- Tanusree Shankar at Rashtrapati Bhavan during investiture ceremony
- Born: 16 March 1956 (age 70)
- Occupations: dancer and choreographer
- Spouse: Ananda Shankar

= Tanusree Shankar =

Indian dancer and choreographer (born 1956)

Tanusree Shankar (born 16 March 1956) is an Indian dancer and choreographer. She is based in Kolkata, India. She was a leading dancer of the Ananda Shankar Centre for Performing Arts in the 1970s and 1980s. She also acted in various films, such as The Namesake.

Tanusree Shankar now leads the Tanusree Shankar Dance Company. She has evolved her own modern idiom by combining traditional Indian dance with modern Western ballet expressions. She has been inspired as much by her lineage as by the folk and regional dance forms of India. She has drawn extensively from rich local Indian traditions such as the "Thang-ta" (Manipuri Sword dance).

She travels with her troupe extensively around the world.
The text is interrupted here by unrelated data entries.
(* Via [x^m/m! <= e^x] at [x = 3r]: [r^m/m! <= e^(m/2) / 3^m <= e^(-m/3)]. *)
Lemma expr_div_fact_le_expRN (r : R) m : 0 <= r -> 6 * r <= m%:R ->
  r ^+ m / m`!%:R <= expR (- (m%:R / 3)).
Proof.
move=> r_ge0 r_le.
have pow3_gt0 : 0 < 3 ^+ m :> R by apply: exprn_gt0.
rewrite -(ler_pM2l pow3_gt0); apply: (@le_trans _ _ (expR (m%:R / 2))).
  rewrite mulrA -exprMn; apply: le_trans (expr_div_fact_le_expR (x := 3 * r) m _) _.
    by apply: mulr_ge0.
  by rewrite ler_expR; lra.
have -> : expR (m%:R / 2) = expR (5 / 6) ^+ m * expR (- (m%:R / 3)) :> R.
  by rewrite -expRM_natl -expRD; congr expR; field.
rewrite ler_wpM2r ?expR_ge0 //; apply: lerXn2r; rewrite ?nnegrE ?expR_ge0 //.
exact: expR_5_6_le3.
Qed.

End ExpBounds.

Section SamplingBounds.
Variables (R : realType) (n f : nat) (c : R).
Hypotheses (f_gt0 : (0 < f)%N) (f_lt_n : (f < n)%N) (c_ge1 : 1 <= c).

Local Notation p := (samp_p n f c).
Local Notation L := (log2 (n%:R : R)).

Let n_gt0 : (0 < n)%N := ltn_trans f_gt0 f_lt_n.

Lemma natr_n_ge2 : (2 : R) <= n%:R.
Proof. by rewrite (ler_nat R 2); apply: leq_trans f_lt_n. Qed.

Lemma ln2_le_ln_n : ln (2 : R) <= ln n%:R.
Proof. by rewrite ler_ln ?posrE ?natr_n_ge2 //; apply: lt_le_trans natr_n_ge2. Qed.

Lemma log2_ge1 : 1 <= L.
Proof. by rewrite /log2 ler_pdivlMr ?ln2_gt0 // mul1r ln2_le_ln_n. Qed.

Lemma ln_le_log2 : ln n%:R <= L.
Proof.
rewrite /log2 ler_pdivlMr ?ln2_gt0 //.
have := ln2_le1 R; have := ln2_gt0 R; have := ln2_le_ln_n; nra.
Qed.

Lemma log_factor_ge4 : 4 <= (c + 3) * L.
Proof. by have := c_ge1; have := log2_ge1; nra. Qed.

Definition npow (k : nat) : R := n%:R `^ (k%:R / f%:R).

Definition qsize (k : nat) : nat := `|Num.ceil (npow k)|%N.

Lemma npow_ge1 k : 1 <= npow k.
Proof.
have n_ge2 := natr_n_ge2.
by rewrite /npow -[leLHS](powRr0 n%:R) ler_powR ?divr_ge0 //; lra.
Qed.

Lemma npow_le k : (k <= f)%N -> npow k <= n%:R.
Proof.
move=> le_kf; have n_ge2 := natr_n_ge2.
rewrite /npow -[leRHS](@powRr1 _ n%:R); last by lra.
by rewrite ler_powR ?ler_pdivrMr ?ltr0n // ?mul1r ?ler_nat //; lra.
Qed.

Lemma npowS k : npow k.+1 = npow k * npow 1.
Proof.
rewrite /npow -powRD; last by rewrite pnatr_eq0 gtn_eqF ?implybT.
by rewrite -mulrDl -natrD addn1.
Qed.

Lemma npow_gt0 k : 0 < npow k.
Proof. exact: lt_le_trans (npow_ge1 k). Qed.

Lemma samp_pE k : p k = Num.min ((c + 3) * L / npow k) 1.
Proof. by rewrite /samp_p powRN mulrAC. Qed.

Lemma samp_p_ge0 k : 0 <= p k.
Proof.
rewrite samp_pE le_min ler01 andbT divr_ge0 ?(ltW (npow_gt0 k)) //.
exact: le_trans (ler0n _ 4) log_factor_ge4.
Qed.

Lemma samp_p_le1 k : p k <= 1.
Proof. by rewrite samp_pE ge_min lexx orbT. Qed.

Lemma samp_p_mul_npow_le k : p k * npow k <= (c + 3) * L.
Proof. by rewrite -ler_pdivlMr ?npow_gt0 // samp_pE ge_min lexx.
Qed.

Lemma samp_p_mul_npow k : p k != 1 -> p k * npow k = (c + 3) * L.
Proof.
rewrite samp_pE; case: leP => [_ _ | _ /eqP //].
by rewrite divfK // gt_eqF ?npow_gt0.
Qed.

Lemma qsizeE k : (qsize k)%:R = (Num.ceil (npow k))%:~R :> R.
Proof.
by rewrite /qsize natr_absz ger0_norm // ceil_ge0; have := npow_ge1 k; lra.
Qed.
Her last notable productions include Uttaran (Upliftment of the soul) and Chirantan (The eternal), which is based on Rabindranath Tagore's music.

==Family==
Tanusree Shankar was born in Kolkata. Her father was a doctor in the Indian Army. Her husband, the late Ananda Shankar, was a music composer who experimented with fusion music. He was the son of dancer Pandit Uday Shankar and Amala Shankar, and nephew of the sitar maestro Ravi Shankar. She has a daughter named Sreenanda Shankar.